Among the lines of the material, copy those that hold the string "ffunE".

__The records__
# # # # #

Definition marg (mu : QX -> R) (Sp : {set 'I_k}) (x : QX) : R :=
  \sum_(x' : QX | [forall t in Sp, x' t == x t]) mu x'.

Definition marg1 (mu : QX -> R) (t : 'I_k) (a : Xs t) : R :=
  \sum_(x' : QX | x' t == a) mu x'.

Definition anchor_players (anc : forall t, {set Xs t}) (x : QX) : {set 'I_k} :=
  [set t | x t \in anc t].

Definition anchored (mu : QX -> R) (alpha : R) (anc : forall t, {set Xs t}) :=
  (forall t, alpha <= \sum_(x : QX | x t \in anc t) mu x) /\
  (forall x : QX, mu x = marg mu (~: anchor_players anc x) x *
                          \prod_(t in anchor_players anc x) marg1 mu (x t)).

Variable n : nat.

(* outcome = (X_1..X_n, D_1..D_n); the D_i for i outside [m] are unused *)
Definition Sp := ({ffun 'I_n -> QX} * {ffun 'I_n -> {set 'I_k}})%type.

Definition sampleP (mu : QX -> R) (w : Sp) : R :=
  (\prod_(i < n) mu (w.1 i)) *
  \prod_(i < n) ((#|w.2 i| == k.-1)%:R /
                 #|[set D : {set 'I_k} | #|D| == k.-1]|%:R).

Variables (anc : forall t, {set Xs t})
          (f : forall t, {ffun 'I_n -> Xs t} -> {ffun 'I_n -> As t})
          (m : nat).

Definition YT := {dffun forall t : 'I_k, option (Xs t)}.
Definition MT := {dffun forall t : 'I_k, option (option (Xs t))}.
(* Omega_i : either (D_i, M_i) (i in [m]) or X_j (j in C) *)
Definition OT := (({set 'I_k} * MT) + QX)%type.

Definition Xv (i : 'I_n) (w : Sp) : QX := w.1 i.

(* Y_i^t = X_i^t if not anchor, None (= ⊥) otherwise *)
Definition Yv (i : 'I_n) (w : Sp) : YT :=
  @finfun _ (fun t => option (Xs t))
    (fun t => if (w.1 i) t \in anc t then None else Some ((w.1 i) t)).

Definition Av (i : 'I_n) (w : Sp) : AX :=
  @finfun _ (fun t => As t) (fun t => @f t [ffun j => (w.1 j) t] i).

(* Z = (A_j)_{j in C}, C = {j | m <= j} (0-based indices) *)
Definition Zv (w : Sp) : {ffun 'I_n -> option AX} :=
  [ffun j : 'I_n => if (m <= j)%N then Some (Av j w) else None].

(* M_i = Y_i^{D_i} : coordinates in D_i, None marks coordinates outside D_i *)
Definition Mv (i : 'I_n) (w : Sp) : MT :=
  @finfun _ (fun t => option (option (Xs t)))
    (fun t => if t \in w.2 i then Some (Yv i w t) else None).

Definition Omv (i : 'I_n) (w : Sp) : OT :=
  if (i < m)%N then inl (w.2 i, Mv i w) else inr (w.1 i).

Definition Omall (w : Sp) : {ffun 'I_n -> OT} := [ffun j => Omv j w].

(* Omega_{-i}: None marks the omitted coordinate *)
Definition Omminus (i : 'I_n) (w : Sp) : {ffun 'I_n -> option OT} :=
  [ffun j => if j == i then None else Some (Omv j w)].

Definition Wev (V : QX -> AX -> bool) : pred Sp :=
  fun w => [forall j : 'I_n, (m <= j)%N ==> V (w.1 j) (Av j w)].

Definition avg_m (F : 'I_n -> R) : R := m%:R^-1 * \sum_(i < n | (i < m)%N) F i.

End Game.

From HB Require Import structures.
From mathcomp Require Import all_boot all_order all_algebra.
From mathcomp Require Import reals exp.
From mathcomp Require Import ring lra.
Set Implicit Arguments. Unset Strict Implicit. Unset Printing Implicit Defensive.
Import Order.TTheory GRing.Theory Num.Theory.
Local Open Scope ring_scope.

(* Under P(. | W) the n coordinates are at relative entropy at most
   log 1/P(W) + |C| log |A| = m delta (in bits) from a law under which they are
   conditionally independent given the advice (Y_i, Omega_i): conditioning on W
   inflates probabilities by at most 1/P(W), and the revealed answers Z take at most
   |A|^|C| values.  By the chain rule and Gibbs' inequality this bound splits into a
   sum over i of the divergences of X_i Y_i Omega_i, of Y_i given Omega_i, and of X_i
   given Y_i; for the last one, conditioning on the finer (Z, Y, Omega) only increases
   the divergence, and given (Y_i, Omega_i) the question X_i has the same law as given
   Y_i since D_i is independent of X_i.  Finally tv^2 <= D (through the Hellinger
   distance) and Cauchy-Schwarz over i in [m] give the average bound sqrt delta. *)

Lemma ffun_eqE (I : finType) (T : eqType) (F G : I -> T) :
  ([ffun i => F i] == [ffun i => G i]) = [forall i, F i == G i].
Proof.
apply/eqP/forallP => [/ffunP eqFG i | eqFG].
  by have := eqFG i; rewrite !ffunE => ->.
by apply/ffunP => i; rewrite !ffunE; apply/eqP.
Qed.

Lemma forall_andE (I : finType) (a b : pred I) :
  [forall i, a i && b i] = [forall i, a i] && [forall i, b i].
Proof.
apply/forallP/andP => [ab | [/forallP ha /forallP hb] i]; last by rewrite ha hb.
by split; apply/forallP => i; have /andP[] := ab i.
Qed.

Section RealFacts.
Variable R : realType.

Lemma ln_le_subr1 (x : R) : 0 < x -> ln x <= x - 1.
Proof.
by move=> x0; have := @le_ln1Dx R (x - 1); rewrite [1 + _]addrC subrK; apply; lra.
Qed.

Lemma ln_prod (I : finType) (P : pred I) (F : I -> R) :
  (forall i, P i -> 0 < F i) -> ln (\prod_(i | P i) F i) = \sum_(i | P i) ln (F i).
Proof.
move=> F_gt0.
suff [-> _] : \sum_(i | P i) ln (F i) = ln (\prod_(i | P i) F i) /\
              0 < \prod_(i | P i) F i by [].
apply: (big_rec2 (fun s q => s = ln q /\ 0 < q)); first by rewrite ln1.
move=> i s q Pi [-> q_gt0]; split; last by rewrite mulr_gt0 ?F_gt0.
by rewrite lnM // posrE F_gt0.
Qed.

Lemma ln_divM (x y z : R) : 0 < x -> 0 < y -> 0 < z ->
  ln (x / (y * z)) = ln x - ln y - ln z.
Proof.
move=> x0 y0 z0.
by rewrite ln_div ?lnM ?posrE ?mulr_gt0 // opprD addrA.
Qed.

Lemma ln_chain (I : finType) (e g : R) (d k : I -> R) :
  0 < e -> 0 < g -> (forall i, 0 < d i) -> (forall i, 0 < k i) ->
  \sum_i ln (d i / (g * k i)) + ln (e / (g * \prod_i (d i / g))) =
  ln (e / (g * \prod_i k i)).
Proof.
move=> e0 g0 d0 k0.
have dg0 i : 0 < d i / g by rewrite divr_gt0.
rewrite !ln_divM ?prodr_gt0 // !ln_prod //.
under eq_bigr do rewrite ln_divM //.
under [X in _ - X]eq_bigr do rewrite ln_div ?posrE //.
by rewrite !sumrB; lra.
Qed.

Lemma cauchy_schwarz (I : finType) (P : pred I) (x y : I -> R) :
  (\sum_(i | P i) x i * y i) ^+ 2 <=
  (\sum_(i | P i) x i ^+ 2) * (\sum_(i | P i) y i ^+ 2).
Proof.
rewrite expr2 mulr_suml; under eq_bigr do rewrite mulr_sumr.
rewrite mulr_suml; under [X in _ <= X]eq_bigr do rewrite mulr_sumr.
set RR := \sum_(i | P i) \sum_(j | P j) x i ^+ 2 * y j ^+ 2.
have RRE : RR = \sum_(i | P i) \sum_(j | P j) (x j ^+ 2 * y i ^+ 2).
  by rewrite /RR exchange_big.
(* 2 x_i y_i x_j y_j <= x_i^2 y_j^2 + x_j^2 y_i^2, summed over (i, j) *)
apply: (@le_trans _ _ ((\sum_(i | P i) \sum_(j | P j)
                         (x i ^+ 2 * y j ^+ 2 + x j ^+ 2 * y i ^+ 2)) / 2)).
  rewrite ler_pdivlMr // mulr_suml; apply: ler_sum => i _.
  rewrite mulr_suml; apply: ler_sum => j _.
  have := sqr_ge0 (x i * y j - x j * y i); nra.
under eq_bigr do rewrite big_split /=.
by rewrite big_split /= -RRE -/RR ler_pdivrMr //; lra.
Qed.

Lemma tv_sqr_le_hellinger (T : finType) (a q : T -> R) :
  (forall t, 0 <= a t) -> \sum_t a t = 1 ->
  (forall t, 0 <= q t) -> \sum_t q t <= 1 ->
  tv a q ^+ 2 <= 2 - 2 * \sum_t Num.sqrt (a t * q t).
Proof.
move=> a0 a1 q0 q1.
pose sa t := Num.sqrt (a t); pose sq t := Num.sqrt (q t).
set BC := \sum_t _.
have saq t : sa t * sq t = Num.sqrt (a t * q t) by rewrite sqrtrM.
have normB t : `|a t - q t| = `|sa t - sq t| * (sa t + sq t).
  rewrite -{1}(sqr_sqrtr (a0 t)) -{1}(sqr_sqrtr (q0 t)) subr_sqr normrM.
  by rewrite (@ger0_norm _ (sa t + sq t)) // addr_ge0 ?sqrtr_ge0.
have sum_sqrB : \sum_t `|sa t - sq t| ^+ 2 = 1 + \sum_t q t - 2 * BC.
  rewrite (eq_bigr (fun t => a t + q t - 2 * Num.sqrt (a t * q t))) => [|t _].
    by rewrite sumrB big_split /= a1 -mulr_sumr.
  rewrite real_normK ?num_real // sqrrB -saq /sa /sq !sqr_sqrtr //.
  by rewrite -mulr_natl; lra.
have sum_sqrD : \sum_t (sa t + sq t) ^+ 2 = 1 + \sum_t q t + 2 * BC.
  rewrite (eq_bigr (fun t => a t + q t + 2 * Num.sqrt (a t * q t))) => [|t _].
    by rewrite !big_split /= a1 -mulr_sumr.
  by rewrite sqrrD -saq /sa /sq !sqr_sqrtr // -mulr_natl; lra.
(* Cauchy-Schwarz gives 4 tv^2 <= (1 + Q)^2 - 4 BC^2 with Q = \sum q <= 1, BC <= 1. *)
have := cauchy_schwarz xpredT (fun t => `|sa t - sq t|) (fun t => sa t + sq t).
rewrite sum_sqrB sum_sqrD /tv (eq_bigr _ (fun t _ => normB t)) => CS.
have BC0 : 0 <= BC by apply: sumr_ge0 => t _; apply: sqrtr_ge0.
have Q0 : 0 <= \sum_t q t by apply: sumr_ge0.
have H0 : 0 <= 1 + \sum_t q t - 2 * BC by rewrite -sum_sqrB sumr_ge0 // => t _; apply: sqr_ge0.
have h1 : 0 <= (1 - \sum_t q t) * (1 + \sum_t q t + 2 * BC) by apply: mulr_ge0; lra.
have h2 : 0 <= (1 + \sum_t q t - 2 * BC) * (1 - BC) by apply: mulr_ge0; lra.
rewrite exprMn; nra.
Qed.

End RealFacts.

Lemma eq_tv (R : realType) (T : finType) (p1 p2 q1 q2 : T -> R) :
  p1 =1 p2 -> q1 =1 q2 -> tv p1 q1 = tv p2 q2.
Proof. by move=> ep eq; rewrite /tv; congr (_ * _); apply: eq_bigr => t _; rewrite ep eq. Qed.

Lemma tv_ge0 (R : realType) (T : finType) (p q : T -> R) : 0 <= tv p q.
Proof. by rewrite /tv mulr_ge0 ?invr_ge0 ?ler0n // sumr_ge0. Qed.

(** * Relative entropy on a finite probability space *)

Section FiniteProbability.
Variables (R : realType) (S : finType) (p : S -> R).
Hypothesis p_ge0 : forall s, 0 <= p s.
Hypothesis p_sum1 : \sum_s p s = 1.

Definition Ex (F : S -> R) : R := \sum_s p s * F s.

Lemma Pr_ge0 (E : pred S) : 0 <= Pr p E.
Proof. exact: sumr_ge0. Qed.

Lemma eq_Pr (E1 E2 : pred S) : E1 =1 E2 -> Pr p E1 = Pr p E2.
Proof. exact: eq_bigl. Qed.

Lemma le_Pr (E1 E2 : pred S) : (forall s, E1 s -> E2 s) -> Pr p E1 <= Pr p E2.
Proof.
move=> sub12; rewrite /Pr [X in _ <= X]big_mkcond [X in X <= _]big_mkcond.
apply: ler_sum => s _; case E1s: (E1 s); first by rewrite sub12.
by case: (E2 s).
Qed.

Lemma Pr_ge_pt (E : pred S) w : E w -> p w <= Pr p E.
Proof. by move=> Ew; rewrite /Pr (bigD1 w) //= lerDl sumr_ge0. Qed.

Lemma Pr_gt0 (E : pred S) w : 0 < p w -> E w -> 0 < Pr p E.
Proof. by move=> pw Ew; apply: lt_le_trans (Pr_ge_pt Ew). Qed.

Lemma Pr_fiber_gt0 (T : eqType) (V : S -> T) w : 0 < p w -> 0 < Pr p (fun s => V s == V w).
Proof. by move=> pw; apply: Pr_gt0 pw _. Qed.

Lemma distr_of_pair (T1 T2 : finType) (U1 : S -> T1) (U2 : S -> T2) x y :
  distr_of p (fun s => (U1 s, U2 s)) (x, y) = Pr p (fun s => (U1 s == x) && (U2 s == y)).
Proof. by apply: eq_bigl => s; rewrite xpair_eqE. Qed.

Lemma sum_Pr_fiber_and (T : finType) (V : S -> T) (E : pred S) :
  \sum_t Pr p (fun s => (V s == t) && E s) = Pr p E.
Proof.
rewrite /Pr [RHS](partition_big V xpredT) //=; apply: eq_bigr => t _.
by apply: eq_bigl => s; rewrite andbC.
Qed.

Lemma sum_distr_of (T : finType) (V : S -> T) : \sum_t distr_of p V t = 1.
Proof.
rewrite -p_sum1 -[\sum_s p s](sum_Pr_fiber_and V xpredT).
by apply: eq_bigr => t _; apply: eq_bigl => s; rewrite andbT.
Qed.

Lemma cond_kernel_ge0 (T1 T2 : finType) (U1 : S -> T1) (U2 : S -> T2) y x :
  0 <= cond_kernel p U1 U2 y x.
Proof. by rewrite /cond_kernel divr_ge0 ?Pr_ge0. Qed.

Lemma sum_cond_kernel_le1 (T1 T2 : finType) (U1 : S -> T1) (U2 : S -> T2) y :
  \sum_x cond_kernel p U1 U2 y x <= 1.
Proof.
rewrite /cond_kernel -mulr_suml sum_Pr_fiber_and.
by have [->|nz] := eqVneq (Pr p (fun s => U2 s == y)) 0; rewrite ?mul0r ?divff.
Qed.

Lemma cond_kernel_gt0 (T1 T2 : finType) (U1 : S -> T1) (U2 : S -> T2) w :
  0 < p w -> 0 < cond_kernel p U1 U2 (U2 w) (U1 w).
Proof. by move=> pw; rewrite /cond_kernel divr_gt0 // (Pr_gt0 pw) ?eqxx. Qed.

Lemma exists_supp : exists w, 0 < p w.
Proof.
apply/existsP; apply: contraT => /existsPn p_le0.
suff : \sum_s p s <= 0 by rewrite p_sum1 ler10.
by apply: sumr_le0 => s _; rewrite leNgt p_le0.
Qed.

Lemma Ex_le_supp (F G : S -> R) : (forall w, 0 < p w -> F w <= G w) -> Ex F <= Ex G.
Proof.
move=> FG; apply: ler_sum => w _.
have [<-|pw] := eqVneq 0 (p w); first by rewrite !mul0r.
by rewrite ler_wpM2l //; apply: FG; rewrite lt_def eq_sym pw p_ge0.
Qed.

Lemma Ex_eq_supp (F G : S -> R) : (forall w, 0 < p w -> F w = G w) -> Ex F = Ex G.
Proof. by move=> FG; apply/le_anti; rewrite !Ex_le_supp // => w /FG ->. Qed.

Lemma ExD (F G : S -> R) : Ex (fun w => F w + G w) = Ex F + Ex G.
Proof. by rewrite /Ex -big_split; apply: eq_bigr => w _; rewrite mulrDr. Qed.

Lemma ExB (F G : S -> R) : Ex (fun w => F w - G w) = Ex F - Ex G.
Proof. by rewrite /Ex -sumrB; apply: eq_bigr => w _; rewrite mulrBr. Qed.

Lemma ExC (c : R) : Ex (fun _ => c) = c.
Proof. by rewrite /Ex -mulr_suml p_sum1 mul1r. Qed.

Lemma Ex_sum (I : finType) (J : pred I) (F : I -> S -> R) :
  Ex (fun w => \sum_(i | J i) F i w) = \sum_(i | J i) Ex (F i).
Proof. by rewrite /Ex; under eq_bigr do rewrite mulr_sumr; rewrite exchange_big. Qed.

Lemma Ex_fiber (T : finType) (V : S -> T) (h : T -> R) :
  Ex (fun w => h (V w)) = \sum_t distr_of p V t * h t.
Proof.
rewrite /Ex (partition_big V xpredT) //=; apply: eq_bigr => t _.
by rewrite /distr_of /Pr mulr_suml; apply: eq_bigr => s /eqP ->.
Qed.

Definition relent (T : finType) (V : S -> T) (q : T -> R) : R :=
  Ex (fun w => ln (distr_of p V (V w) / q (V w))).

Section Divergence.
Variables (T : finType) (V : S -> T) (q : T -> R).
Hypothesis q_ge0 : forall t, 0 <= q t.
Hypothesis q_gt0 : forall w, 0 < p w -> 0 < q (V w).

# # # # #

__Solution to the problem__
  by have := eqFG i; rewrite !ffunE => ->.
by apply/ffunP => i; rewrite !ffunE; apply/eqP.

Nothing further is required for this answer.